In other words, data scarcity is not a fundamental problem, just a problem for the current paradigm.



I think quantization is the simplest canary.

If we can reduce the precision of the model parameters by 2~32x without much perceptible drop in performance, we are clearly dealing with something wildly inefficient.

I'm open to the possibility that over parameterization is essential as part of the training process, much like how MSAA/SSAA over sample the frame buffer to reduce information aliasing in the final scaled result (also wildly inefficient but very effective generally). However, I think for more exotic architectures (spiking / time domain) these rules don't work the same way. You can't back propagate a recurrent SNN so much of the prevailing machine learning mindset doesn't even apply.

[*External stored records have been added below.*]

Lemma Rabs_RInt_mult_le (p S : R -> R) u v K : u <= v ->
  (forall t, u <= t <= v -> continuous p t) -> (forall t, u <= t <= v -> continuous S t) ->
  (forall t, u <= t <= v -> Rabs (S t) <= K) ->
  Rabs (RInt (fun t => p t * S t) u v) <= K * RInt (fun t => Rabs (p t)) u v.
Proof.
  intros Huv Cp CS HS.
  assert (Ex : ex_RInt (fun t => Rabs (p t)) u v).
  { apply ex_RInt_continuous_le; [easy |]. intros t Ht.
    apply (continuous_comp p Rabs); [auto | apply continuous_Rabs]. }
  eapply Rle_trans.
  { apply abs_RInt_le; [easy |]. apply ex_RInt_continuous_le; [easy |].
    intros t Ht; apply (continuous_mult p S); auto. }
  rewrite <- (RInt_scal (V := R_CompleteNormedModule)) by exact Ex.
  apply RInt_le; [easy | | apply (ex_RInt_scal (V := R_CompleteNormedModule)), Ex |].
  - apply ex_RInt_continuous_le; [easy |]. intros t Ht.
    apply (continuous_comp (fun t => p t * S t) Rabs);
      [apply (continuous_mult p S); auto | apply continuous_Rabs].
  - intros t Ht. rewrite Rabs_mult. unfold scal; simpl; unfold mult; simpl.
    rewrite Rmult_comm. apply Rmult_le_compat_r; [apply Rabs_pos | apply HS; lra].
Qed.

Lemma RInt_mult_by_parts (Q Q' S S' : R -> R) u v : u <= v ->
  (forall t, u <= t <= v -> is_derive Q t (Q' t)) ->
  (forall t, u <= t <= v -> is_derive S t (S' t)) ->
  (forall t, u <= t <= v -> continuous Q' t) ->
  (forall t, u <= t <= v -> continuous S' t) ->
  RInt (fun t => Q t * S' t) u v = Q v * S v - Q u * S u - RInt (fun t => Q' t * S t) u v.
Proof.
  intros Huv DQ DS CQ' CS'.
  assert (CQ : forall t, u <= t <= v -> continuous Q t)
    by (intros t Ht; apply (ex_derive_continuous Q); eexists; apply DQ, Ht).
  assert (CS : forall t, u <= t <= v -> continuous S t)
    by (intros t Ht; apply (ex_derive_continuous S); eexists; apply DS, Ht).
  assert (Ex1 : ex_RInt (fun t => Q t * S' t) u v)
    by (apply ex_RInt_continuous_le; [easy |]; intros t Ht; apply (continuous_mult Q S'); auto).
  assert (Ex2 : ex_RInt (fun t => Q' t * S t) u v)
    by (apply ex_RInt_continuous_le; [easy |]; intros t Ht; apply (continuous_mult Q' S); auto).
  assert (Hftc : is_RInt (fun t => Q' t * S t + Q t * S' t) u v (Q v * S v - Q u * S u)).
  { apply (is_RInt_derive (fun t => Q t * S t)); rewrite Rmin_left, Rmax_right by easy.
    - intros t Ht. apply (is_derive_mult Q S); auto. intros; apply Rmult_comm.
    - intros t Ht. apply (continuous_plus (fun t => Q' t * S t) (fun t => Q t * S' t)).
      + apply (continuous_mult Q' S); auto.
      + apply (continuous_mult Q S'); auto. }
  apply (is_RInt_unique (V := R_CompleteNormedModule)) in Hftc.
  rewrite (RInt_plus (V := R_CompleteNormedModule)) in Hftc by easy.
  simpl in Hftc. unfold plus in Hftc; simpl in Hftc. lra.
Qed.

Lemma Rabs_RInt_mult_monotone_le (Q Q' S S' : R -> R) u v : u <= v ->
  (forall t, u <= t <= v -> is_derive Q t (Q' t)) ->
  (forall t, u <= t <= v -> is_derive S t (S' t)) ->
  (forall t, u <= t <= v -> continuous Q' t) ->
  (forall t, u <= t <= v -> continuous S' t) ->
  const_sign_on Q' u v -> (forall t, u <= t <= v -> Rabs (S t) <= 1) ->
  Rabs (RInt (fun t => Q t * S' t) u v) <= 2 * (Rabs (Q u) + Rabs (Q v)).
Proof.
  intros Huv DQ DS CQ' CS' HQ' HS.
  assert (CS : forall t, u <= t <= v -> continuous S t)
    by (intros t Ht; apply (ex_derive_continuous S); eexists; apply DS, Ht).
  assert (HQ'int : RInt Q' u v = Q v - Q u).
  { apply (is_RInt_unique (V := R_CompleteNormedModule)), (is_RInt_derive Q Q');
      rewrite Rmin_left, Rmax_right; auto. }
  assert (Hvar : Rabs (RInt (fun t => Q' t * S t) u v) <= Rabs (Q v - Q u)).
  { rewrite <- HQ'int, <- (RInt_Rabs_const_sign Q' u v) by auto.
    rewrite <- (Rmult_1_l (RInt (fun t => Rabs (Q' t)) u v)).
    apply Rabs_RInt_mult_le; auto. }
  rewrite (RInt_mult_by_parts Q Q' S S') by easy.
  pose proof (HS u ltac:(lra)); pose proof (HS v ltac:(lra)).
  pose proof (Rabs_pos (Q u)); pose proof (Rabs_pos (Q v)).
  assert (Rabs (Q v * S v) <= Rabs (Q v)) by (rewrite Rabs_mult; nra).
  assert (Rabs (Q u * S u) <= Rabs (Q u)) by (rewrite Rabs_mult; nra).
  assert (Rabs (Q v - Q u) <= Rabs (Q v) + Rabs (Q u))
    by (unfold Rminus; rewrite <- (Rabs_Ropp (Q u)); apply Rabs_triang).
  unfold Rminus. eapply Rle_trans; [apply Rabs_triang |]. rewrite Rabs_Ropp.
  eapply Rle_trans; [apply Rplus_le_compat_r, Rabs_triang |]. rewrite Rabs_Ropp. lra.
Qed.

It’s not clear that the inefficiency of the current paradigm is in the neural net architectures. It seems just as likely that it’s in the training objective.


Right. The objective is "correctly predict the entire training set", where that training set contains literally everything. So the objective becomes to speak every human language, every programming language, to understand every topic, to master every weird sub-genre of culture. That's an inherently very inefficient training objective if you just want an AI that can do some specific tasks. It's the whole insight behind models specific to summarization, text extraction, patch merging etc.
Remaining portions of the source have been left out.